Work instruction: Copy verbatim the block of lines in the entries below whose first line contains "Definition tm_poly (K" and whose last line contains "by rewrite dvdp_exp2l // ltnW // ltn_exp2l.". Leave out all other lines.

Data section Block Start

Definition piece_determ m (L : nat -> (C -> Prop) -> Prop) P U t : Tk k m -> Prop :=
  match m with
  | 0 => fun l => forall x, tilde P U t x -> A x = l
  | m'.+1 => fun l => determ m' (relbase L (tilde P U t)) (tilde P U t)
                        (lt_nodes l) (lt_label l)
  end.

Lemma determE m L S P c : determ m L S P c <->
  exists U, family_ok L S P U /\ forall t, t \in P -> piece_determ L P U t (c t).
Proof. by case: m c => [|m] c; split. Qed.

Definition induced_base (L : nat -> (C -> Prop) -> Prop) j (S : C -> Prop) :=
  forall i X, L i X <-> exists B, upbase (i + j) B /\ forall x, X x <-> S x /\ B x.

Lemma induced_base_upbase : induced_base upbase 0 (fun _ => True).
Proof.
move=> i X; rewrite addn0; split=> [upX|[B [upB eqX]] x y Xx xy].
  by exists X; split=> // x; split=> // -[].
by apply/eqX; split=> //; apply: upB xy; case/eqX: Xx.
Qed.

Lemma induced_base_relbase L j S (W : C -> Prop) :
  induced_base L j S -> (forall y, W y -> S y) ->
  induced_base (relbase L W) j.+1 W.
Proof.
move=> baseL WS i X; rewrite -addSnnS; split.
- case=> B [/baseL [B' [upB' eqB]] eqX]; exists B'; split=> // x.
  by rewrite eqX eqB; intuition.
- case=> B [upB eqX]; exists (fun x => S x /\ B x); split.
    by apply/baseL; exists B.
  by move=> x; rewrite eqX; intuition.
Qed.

Data section Block End
Data section Block Start

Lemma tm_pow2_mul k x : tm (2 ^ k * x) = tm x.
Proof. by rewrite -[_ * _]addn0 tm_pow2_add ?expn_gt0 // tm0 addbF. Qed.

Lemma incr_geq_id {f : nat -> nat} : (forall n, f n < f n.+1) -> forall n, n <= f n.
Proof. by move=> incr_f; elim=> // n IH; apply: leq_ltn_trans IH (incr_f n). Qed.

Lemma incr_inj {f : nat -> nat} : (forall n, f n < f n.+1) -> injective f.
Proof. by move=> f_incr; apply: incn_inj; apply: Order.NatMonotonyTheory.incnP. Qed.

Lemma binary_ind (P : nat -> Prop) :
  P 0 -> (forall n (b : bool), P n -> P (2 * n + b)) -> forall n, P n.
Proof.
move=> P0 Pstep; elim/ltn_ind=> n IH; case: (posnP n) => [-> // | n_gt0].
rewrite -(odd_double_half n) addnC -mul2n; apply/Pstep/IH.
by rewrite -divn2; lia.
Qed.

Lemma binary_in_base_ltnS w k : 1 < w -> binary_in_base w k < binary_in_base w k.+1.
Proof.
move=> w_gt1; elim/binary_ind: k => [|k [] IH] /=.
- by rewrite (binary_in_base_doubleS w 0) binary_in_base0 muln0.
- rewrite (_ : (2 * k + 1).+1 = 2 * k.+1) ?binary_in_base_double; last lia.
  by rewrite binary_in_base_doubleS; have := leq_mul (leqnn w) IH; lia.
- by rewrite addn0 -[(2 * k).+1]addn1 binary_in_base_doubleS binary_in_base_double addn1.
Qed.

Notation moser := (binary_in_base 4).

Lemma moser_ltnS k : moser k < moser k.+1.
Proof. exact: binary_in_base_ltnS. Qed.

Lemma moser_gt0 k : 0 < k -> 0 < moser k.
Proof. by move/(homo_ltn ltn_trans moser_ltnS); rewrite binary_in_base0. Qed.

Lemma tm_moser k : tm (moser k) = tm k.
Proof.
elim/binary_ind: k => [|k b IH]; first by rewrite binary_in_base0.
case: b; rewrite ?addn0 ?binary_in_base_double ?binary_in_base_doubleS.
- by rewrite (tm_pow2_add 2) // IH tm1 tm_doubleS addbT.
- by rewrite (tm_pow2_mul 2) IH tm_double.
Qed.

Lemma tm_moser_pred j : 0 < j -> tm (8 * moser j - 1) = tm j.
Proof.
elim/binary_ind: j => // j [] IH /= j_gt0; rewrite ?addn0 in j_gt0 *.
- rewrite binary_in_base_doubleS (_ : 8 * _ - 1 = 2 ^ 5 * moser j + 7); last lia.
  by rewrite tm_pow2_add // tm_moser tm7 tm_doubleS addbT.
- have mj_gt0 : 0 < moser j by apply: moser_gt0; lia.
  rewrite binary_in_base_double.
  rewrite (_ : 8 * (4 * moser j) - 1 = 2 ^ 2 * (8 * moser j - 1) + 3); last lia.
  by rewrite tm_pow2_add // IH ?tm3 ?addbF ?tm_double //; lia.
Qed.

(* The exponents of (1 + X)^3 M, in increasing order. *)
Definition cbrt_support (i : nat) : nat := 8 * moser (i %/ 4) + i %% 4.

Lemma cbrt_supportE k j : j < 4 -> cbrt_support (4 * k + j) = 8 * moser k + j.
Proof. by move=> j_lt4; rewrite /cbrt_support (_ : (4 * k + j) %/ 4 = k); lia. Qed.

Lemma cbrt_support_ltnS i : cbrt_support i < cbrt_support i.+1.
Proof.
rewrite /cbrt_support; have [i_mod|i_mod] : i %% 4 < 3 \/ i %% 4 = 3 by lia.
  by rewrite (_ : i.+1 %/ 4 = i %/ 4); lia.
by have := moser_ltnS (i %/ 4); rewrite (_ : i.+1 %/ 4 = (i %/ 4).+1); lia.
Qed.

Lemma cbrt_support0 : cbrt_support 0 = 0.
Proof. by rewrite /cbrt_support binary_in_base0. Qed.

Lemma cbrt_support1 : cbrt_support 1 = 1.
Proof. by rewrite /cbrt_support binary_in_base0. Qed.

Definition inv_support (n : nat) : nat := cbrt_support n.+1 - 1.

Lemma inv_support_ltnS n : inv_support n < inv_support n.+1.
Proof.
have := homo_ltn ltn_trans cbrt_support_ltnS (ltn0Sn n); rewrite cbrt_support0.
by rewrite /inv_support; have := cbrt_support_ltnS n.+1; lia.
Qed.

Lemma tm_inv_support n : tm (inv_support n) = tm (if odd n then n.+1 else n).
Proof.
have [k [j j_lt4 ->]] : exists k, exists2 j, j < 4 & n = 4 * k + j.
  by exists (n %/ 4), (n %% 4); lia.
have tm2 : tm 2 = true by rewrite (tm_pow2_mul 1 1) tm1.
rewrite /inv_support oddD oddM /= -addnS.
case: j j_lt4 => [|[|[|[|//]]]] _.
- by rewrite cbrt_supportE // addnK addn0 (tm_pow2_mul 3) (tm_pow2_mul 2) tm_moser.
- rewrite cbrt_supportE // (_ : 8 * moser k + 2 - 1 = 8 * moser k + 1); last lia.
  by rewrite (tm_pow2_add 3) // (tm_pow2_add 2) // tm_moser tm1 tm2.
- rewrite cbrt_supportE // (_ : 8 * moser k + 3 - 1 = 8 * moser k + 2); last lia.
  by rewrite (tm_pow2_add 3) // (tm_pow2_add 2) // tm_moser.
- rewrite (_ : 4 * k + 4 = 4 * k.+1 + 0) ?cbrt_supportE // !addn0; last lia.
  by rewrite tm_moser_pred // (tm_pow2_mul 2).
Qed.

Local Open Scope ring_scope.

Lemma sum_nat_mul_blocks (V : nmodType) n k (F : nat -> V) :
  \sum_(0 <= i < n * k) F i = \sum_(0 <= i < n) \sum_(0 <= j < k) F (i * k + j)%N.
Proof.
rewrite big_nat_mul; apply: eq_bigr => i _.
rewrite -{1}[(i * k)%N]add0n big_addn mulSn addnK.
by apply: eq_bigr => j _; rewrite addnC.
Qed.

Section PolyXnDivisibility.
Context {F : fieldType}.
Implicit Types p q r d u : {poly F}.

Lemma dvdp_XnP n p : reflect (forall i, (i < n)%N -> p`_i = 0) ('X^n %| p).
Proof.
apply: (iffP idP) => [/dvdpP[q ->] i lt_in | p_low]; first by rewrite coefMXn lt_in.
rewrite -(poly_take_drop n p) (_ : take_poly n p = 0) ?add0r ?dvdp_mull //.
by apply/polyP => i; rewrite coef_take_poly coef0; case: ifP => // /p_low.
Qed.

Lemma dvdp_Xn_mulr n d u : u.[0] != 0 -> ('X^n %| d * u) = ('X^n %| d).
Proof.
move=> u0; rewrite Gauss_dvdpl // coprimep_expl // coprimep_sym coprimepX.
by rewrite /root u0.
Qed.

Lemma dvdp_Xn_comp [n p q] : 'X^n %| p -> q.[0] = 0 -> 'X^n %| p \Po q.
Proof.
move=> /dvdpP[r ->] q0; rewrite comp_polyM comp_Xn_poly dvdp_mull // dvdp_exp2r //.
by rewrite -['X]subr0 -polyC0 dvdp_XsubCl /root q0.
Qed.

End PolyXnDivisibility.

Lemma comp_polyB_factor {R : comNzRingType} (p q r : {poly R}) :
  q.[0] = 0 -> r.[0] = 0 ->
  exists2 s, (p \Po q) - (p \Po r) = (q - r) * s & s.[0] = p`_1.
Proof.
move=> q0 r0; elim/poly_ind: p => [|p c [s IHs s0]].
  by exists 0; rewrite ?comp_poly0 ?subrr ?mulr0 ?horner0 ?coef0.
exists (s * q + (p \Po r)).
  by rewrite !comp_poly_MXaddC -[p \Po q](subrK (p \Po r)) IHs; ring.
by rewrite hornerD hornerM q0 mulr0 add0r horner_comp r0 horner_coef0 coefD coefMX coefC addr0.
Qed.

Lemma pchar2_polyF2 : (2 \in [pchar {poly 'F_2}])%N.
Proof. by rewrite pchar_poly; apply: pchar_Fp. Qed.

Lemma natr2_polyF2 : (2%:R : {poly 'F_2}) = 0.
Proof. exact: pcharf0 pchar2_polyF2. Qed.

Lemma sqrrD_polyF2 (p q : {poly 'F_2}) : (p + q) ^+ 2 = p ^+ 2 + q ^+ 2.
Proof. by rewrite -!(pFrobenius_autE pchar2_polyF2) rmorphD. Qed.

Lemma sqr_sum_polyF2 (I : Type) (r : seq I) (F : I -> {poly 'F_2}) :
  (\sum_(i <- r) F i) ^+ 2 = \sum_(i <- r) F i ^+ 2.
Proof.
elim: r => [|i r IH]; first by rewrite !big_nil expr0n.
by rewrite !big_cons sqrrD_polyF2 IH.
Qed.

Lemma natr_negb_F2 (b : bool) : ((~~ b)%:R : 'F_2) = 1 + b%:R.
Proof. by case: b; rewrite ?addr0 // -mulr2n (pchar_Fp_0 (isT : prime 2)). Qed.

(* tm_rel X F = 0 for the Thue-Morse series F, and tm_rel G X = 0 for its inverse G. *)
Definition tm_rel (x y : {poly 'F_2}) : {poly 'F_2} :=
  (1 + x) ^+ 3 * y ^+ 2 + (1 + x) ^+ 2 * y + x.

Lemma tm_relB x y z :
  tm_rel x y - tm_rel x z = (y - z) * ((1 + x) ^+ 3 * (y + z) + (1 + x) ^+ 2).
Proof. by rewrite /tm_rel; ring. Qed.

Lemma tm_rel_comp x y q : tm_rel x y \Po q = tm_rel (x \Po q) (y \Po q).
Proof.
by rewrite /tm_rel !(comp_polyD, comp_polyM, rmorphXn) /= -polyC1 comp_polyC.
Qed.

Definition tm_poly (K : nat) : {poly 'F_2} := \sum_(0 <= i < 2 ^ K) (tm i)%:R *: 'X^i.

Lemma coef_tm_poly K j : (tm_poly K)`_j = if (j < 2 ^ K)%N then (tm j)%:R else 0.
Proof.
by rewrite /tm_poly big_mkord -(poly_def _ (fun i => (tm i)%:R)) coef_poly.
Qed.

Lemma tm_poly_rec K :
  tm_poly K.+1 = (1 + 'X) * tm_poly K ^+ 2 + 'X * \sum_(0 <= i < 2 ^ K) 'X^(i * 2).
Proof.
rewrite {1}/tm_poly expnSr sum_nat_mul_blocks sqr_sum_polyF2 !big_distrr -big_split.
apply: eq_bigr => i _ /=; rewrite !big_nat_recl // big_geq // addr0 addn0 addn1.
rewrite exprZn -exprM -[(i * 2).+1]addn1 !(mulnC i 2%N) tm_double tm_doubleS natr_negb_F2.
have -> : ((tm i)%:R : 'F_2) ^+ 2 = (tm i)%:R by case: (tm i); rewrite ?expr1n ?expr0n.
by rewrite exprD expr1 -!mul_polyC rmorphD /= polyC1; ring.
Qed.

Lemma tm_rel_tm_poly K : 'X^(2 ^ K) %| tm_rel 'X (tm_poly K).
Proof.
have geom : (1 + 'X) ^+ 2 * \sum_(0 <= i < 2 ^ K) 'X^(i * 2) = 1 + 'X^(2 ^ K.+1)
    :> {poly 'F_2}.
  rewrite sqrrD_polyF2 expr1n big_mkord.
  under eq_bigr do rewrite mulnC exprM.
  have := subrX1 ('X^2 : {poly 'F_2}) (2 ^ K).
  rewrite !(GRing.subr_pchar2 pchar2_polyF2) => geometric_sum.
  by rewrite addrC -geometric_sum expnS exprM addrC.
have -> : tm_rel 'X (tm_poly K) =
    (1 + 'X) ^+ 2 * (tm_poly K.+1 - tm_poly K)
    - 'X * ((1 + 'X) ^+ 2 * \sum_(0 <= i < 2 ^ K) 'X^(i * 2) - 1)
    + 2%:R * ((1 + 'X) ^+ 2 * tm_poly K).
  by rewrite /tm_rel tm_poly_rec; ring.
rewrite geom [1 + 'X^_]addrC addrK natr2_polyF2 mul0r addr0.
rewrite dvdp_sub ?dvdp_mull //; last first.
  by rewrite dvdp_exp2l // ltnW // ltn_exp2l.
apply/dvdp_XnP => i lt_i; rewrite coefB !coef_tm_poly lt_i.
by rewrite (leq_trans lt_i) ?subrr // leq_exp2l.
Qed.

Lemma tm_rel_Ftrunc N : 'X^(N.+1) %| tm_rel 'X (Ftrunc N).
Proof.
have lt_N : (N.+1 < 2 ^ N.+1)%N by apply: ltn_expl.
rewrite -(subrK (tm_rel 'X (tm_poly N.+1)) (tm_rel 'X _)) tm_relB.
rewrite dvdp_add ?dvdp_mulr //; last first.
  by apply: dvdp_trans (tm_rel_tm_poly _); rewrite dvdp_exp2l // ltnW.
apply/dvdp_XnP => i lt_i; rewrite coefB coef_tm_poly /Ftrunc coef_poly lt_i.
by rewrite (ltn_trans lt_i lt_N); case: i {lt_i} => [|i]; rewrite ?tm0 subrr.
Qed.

Data section Block End

Solution for this task:
Definition tm_poly (K : nat) : {poly 'F_2} := \sum_(0 <= i < 2 ^ K) (tm i)%:R *: 'X^i.

Lemma coef_tm_poly K j : (tm_poly K)`_j = if (j < 2 ^ K)%N then (tm j)%:R else 0.
Proof.
by rewrite /tm_poly big_mkord -(poly_def _ (fun i => (tm i)%:R)) coef_poly.
Qed.

Lemma tm_poly_rec K :
  tm_poly K.+1 = (1 + 'X) * tm_poly K ^+ 2 + 'X * \sum_(0 <= i < 2 ^ K) 'X^(i * 2).
Proof.
rewrite {1}/tm_poly expnSr sum_nat_mul_blocks sqr_sum_polyF2 !big_distrr -big_split.
apply: eq_bigr => i _ /=; rewrite !big_nat_recl // big_geq // addr0 addn0 addn1.
rewrite exprZn -exprM -[(i * 2).+1]addn1 !(mulnC i 2%N) tm_double tm_doubleS natr_negb_F2.
have -> : ((tm i)%:R : 'F_2) ^+ 2 = (tm i)%:R by case: (tm i); rewrite ?expr1n ?expr0n.
by rewrite exprD expr1 -!mul_polyC rmorphD /= polyC1; ring.
Qed.

Lemma tm_rel_tm_poly K : 'X^(2 ^ K) %| tm_rel 'X (tm_poly K).
Proof.
have geom : (1 + 'X) ^+ 2 * \sum_(0 <= i < 2 ^ K) 'X^(i * 2) = 1 + 'X^(2 ^ K.+1)
    :> {poly 'F_2}.
  rewrite sqrrD_polyF2 expr1n big_mkord.
  under eq_bigr do rewrite mulnC exprM.
  have := subrX1 ('X^2 : {poly 'F_2}) (2 ^ K).
  rewrite !(GRing.subr_pchar2 pchar2_polyF2) => geometric_sum.
  by rewrite addrC -geometric_sum expnS exprM addrC.
have -> : tm_rel 'X (tm_poly K) =
    (1 + 'X) ^+ 2 * (tm_poly K.+1 - tm_poly K)
    - 'X * ((1 + 'X) ^+ 2 * \sum_(0 <= i < 2 ^ K) 'X^(i * 2) - 1)
    + 2%:R * ((1 + 'X) ^+ 2 * tm_poly K).
  by rewrite /tm_rel tm_poly_rec; ring.
rewrite geom [1 + 'X^_]addrC addrK natr2_polyF2 mul0r addr0.
rewrite dvdp_sub ?dvdp_mull //; last first.
  by rewrite dvdp_exp2l // ltnW // ltn_exp2l.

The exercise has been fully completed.